Talk by James P. Sethna at ASC (Jan 16)
Dardashti, Radin
Radin.Dardashti at lrz.uni-muenchen.de
Wed Jan 15 09:44:20 CET 2014
Speaker: James P. Sethna (Cornell University)
Thursday 16th Jan 2014
Location: Room A348/349, Theresienstr. 37/III
Time: 12:15 - 13:45
Title: Sloppy Models and How Science Works
Abstract:
"With four parameters I can fit an elephant; with five I can make it
wag its tail.” Systems biology models of the cell have an enormous
number of reactions between proteins, RNA, and DNA whose rates
(parameters) are hard to measure. Models of climate change, ecosystems,
and macroeconomics also have parameters that are hard or impossible to
measure directly. If we fit these unknown parameters, fiddling with them
until they agree with past experiments, how much can we trust their
predictions? Multiparameter fits are sloppy; the parameters can vary
over enormous ranges and still agree with past experiments. Nonetheless,
they can often make useful predictions about future experiments, even
allowing for these huge parameter uncertainties: a few stiff
combinations of parameters govern the behavior.

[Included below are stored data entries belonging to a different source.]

(* Let $N$ be a finite set and $F:2^N\to\mathbb{R}$. Then $F$ is quasi-submodular if and only if $F$ satisfies the single sub-crossing property.
   Context: For $A\subseteq N$, $i\in N$, write $A+i=A\cup\{i\}$. $F$ is quasi-submodular if for all $X,Y\subseteq N$ both hold: $F(X\cap Y)\ge F(X)\Rightarrow F(Y)\ge F(X\cup Y)$, and $F(X\cap Y)>F(X)\Rightarrow F(Y)>F(X\cup Y)$. $F$ satisfies the single sub-crossing property if for all $A\subseteq B\subseteq N$ and $i\in N\setminus B$ both hold: $F(A)\ge F(B)\Rightarrow F(A+i)\ge F(B+i)$, and $F(A)>F(B)\Rightarrow F(A+i)>F(B+i)$. *)

From mathcomp Require Import all_boot all_order all_algebra.
Set Implicit Arguments. Unset Strict Implicit. Unset Printing Implicit Defensive.
Import Order.TTheory GRing.Theory Num.Theory.
Local Open Scope ring_scope.

Definition quasi_submodular (N : finType) (R : realFieldType) (F : {set N} -> R) : Prop :=
  forall X Y : {set N},
    (F X <= F (X :&: Y) -> F (X :|: Y) <= F Y) /\
    (F X < F (X :&: Y) -> F (X :|: Y) < F Y).

Definition single_sub_crossing (N : finType) (R : realFieldType) (F : {set N} -> R) : Prop :=
  forall (A B : {set N}) (i : N), A \subset B -> i \notin B ->
    (F B <= F A -> F (i |: B) <= F (i |: A)) /\
    (F B < F A -> F (i |: B) < F (i |: A)).

From mathcomp Require Import all_boot all_order all_algebra.
Set Implicit Arguments. Unset Strict Implicit. Unset Printing Implicit Defensive.
Import Order.TTheory GRing.Theory Num.Theory.
Local Open Scope ring_scope.

(* The argument works for <= and < separately, i.e. for any relation r.
   Quasi-submodularity for the pair (B, i |: A) with A \subset B, i \notin B
   is exactly single sub-crossing; conversely, a comparison between X and
   X :&: Y propagates to X :|: S and (X :&: Y) :|: S by adding the elements
   of S = Y :\: X one at a time, and these two sets are X :|: Y and Y. *)

Section SingleCrossing.

Variables (T : finType) (R : Type) (F : {set T} -> R) (r : rel R).

Definition single_crossing_for : Prop :=
  forall (A B : {set T}) (i : T), A \subset B -> i \notin B ->
    r (F B) (F A) -> r (F (i |: B)) (F (i |: A)).

Hypothesis crossF : single_crossing_for.

Lemma crossing_setU (X Z S : {set T}) :
  Z \subset X -> [disjoint S & X] -> r (F X) (F Z) ->
  r (F (X :|: S)) (F (Z :|: S)).
Proof.
move=> sZX; elim: {S}#|S| {-2}S (erefl #|S|) => [|n IHn] S cardS disSX rXZ.
  by move/eqP: cardS; rewrite cards_eq0 => /eqP ->; rewrite !setU0.
have [i Si] : exists i, i \in S by apply/card_gt0P; rewrite cardS.
have disS'X : [disjoint S :\ i & X].
  by apply: disjointWl disSX; apply: subD1set.
have cardS' : #|S :\ i| = n by move: cardS; rewrite (cardsD1 i S) Si add1n => -[].
rewrite -(setD1K Si) (setUCA X) (setUCA Z).
apply: crossF (IHn _ cardS' disS'X rXZ); first exact: setSU.
by rewrite !inE negb_or eqxx /= (disjointFr disSX).
Qed.

End SingleCrossing.

Lemma setI_setU1_sub (T : finType) (A B : {set T}) (i : T) :
  A \subset B -> i \notin B -> B :&: (i |: A) = A.
Proof.
move=> sAB niB; rewrite setIUr (setIidPr sAB).
suff -> : B :&: [set i] = set0 by rewrite set0U.
by apply/setP => x; rewrite !inE andbC; case: eqP => // ->; rewrite (negbTE niB).
Qed.

Lemma setU_setU1_sub (T : finType) (A B : {set T}) (i : T) :
  A \subset B -> B :|: (i |: A) = i |: B.
Proof. by move=> sAB; rewrite setUCA (setUidPl sAB). Qed.

Lemma setU_setDl (T : finType) (X Y : {set T}) : X :|: (Y :\: X) = X :|: Y.
Proof. by apply/setP => x; rewrite !inE; case: (x \in X). Qed.

Lemma quasi_submodular_for_crossing (T : finType) (R : Type)
    (F : {set T} -> R) (r : rel R) :
  single_crossing_for F r ->
  forall X Y : {set T}, r (F X) (F (X :&: Y)) -> r (F (X :|: Y)) (F Y).
Proof.
move=> crossF X Y rXY.
have disYX : [disjoint Y :\: X & X] by rewrite disjoints_subset subsetDr.
have := crossing_setU crossF (subsetIl X Y) disYX rXY.
by rewrite setU_setDl setIC setID.
Qed.

Lemma crossing_quasi_submodular_for (T : finType) (R : Type)
    (F : {set T} -> R) (r : rel R) :
  (forall X Y : {set T}, r (F X) (F (X :&: Y)) -> r (F (X :|: Y)) (F Y)) ->
  single_crossing_for F r.
Proof.
move=> qsF A B i sAB niB.
by have := qsF B (i |: A); rewrite setI_setU1_sub // setU_setU1_sub.
Qed.

Theorem proposition2 (R : realFieldType) (N : finType) (F : {set N} -> R) :
  quasi_submodular F <-> single_sub_crossing F.
Proof.
split=> [qsF | scF].
- have le_cross := crossing_quasi_submodular_for (r := <=%R) (fun X Y => (qsF X Y).1).
  have lt_cross := crossing_quasi_submodular_for (r := <%R) (fun X Y => (qsF X Y).2).
  by move=> A B i sAB niB; split; [apply: le_cross | apply: lt_cross].
- have le_qs := quasi_submodular_for_crossing
    (r := <=%R) (fun A B i sAB niB => (scF A B i sAB niB).1).
  have lt_qs := quasi_submodular_for_crossing
    (r := <%R) (fun A B i sAB niB => (scF A B i sAB niB).2).
  by move=> X Y; split; [apply: le_qs | apply: lt_qs].
Qed.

Third, these sloppy
models all appear strikingly similar to one another – for example, the
stiffnesses in every case we’ve studied are spread roughly uniformly
over a range of over a million. We will use ideas and methods from
differential geometry to explain what sloppiness is and why it happens
so often. Finally, we shall show that models in physics are also sloppy
– that sloppiness makes science possible.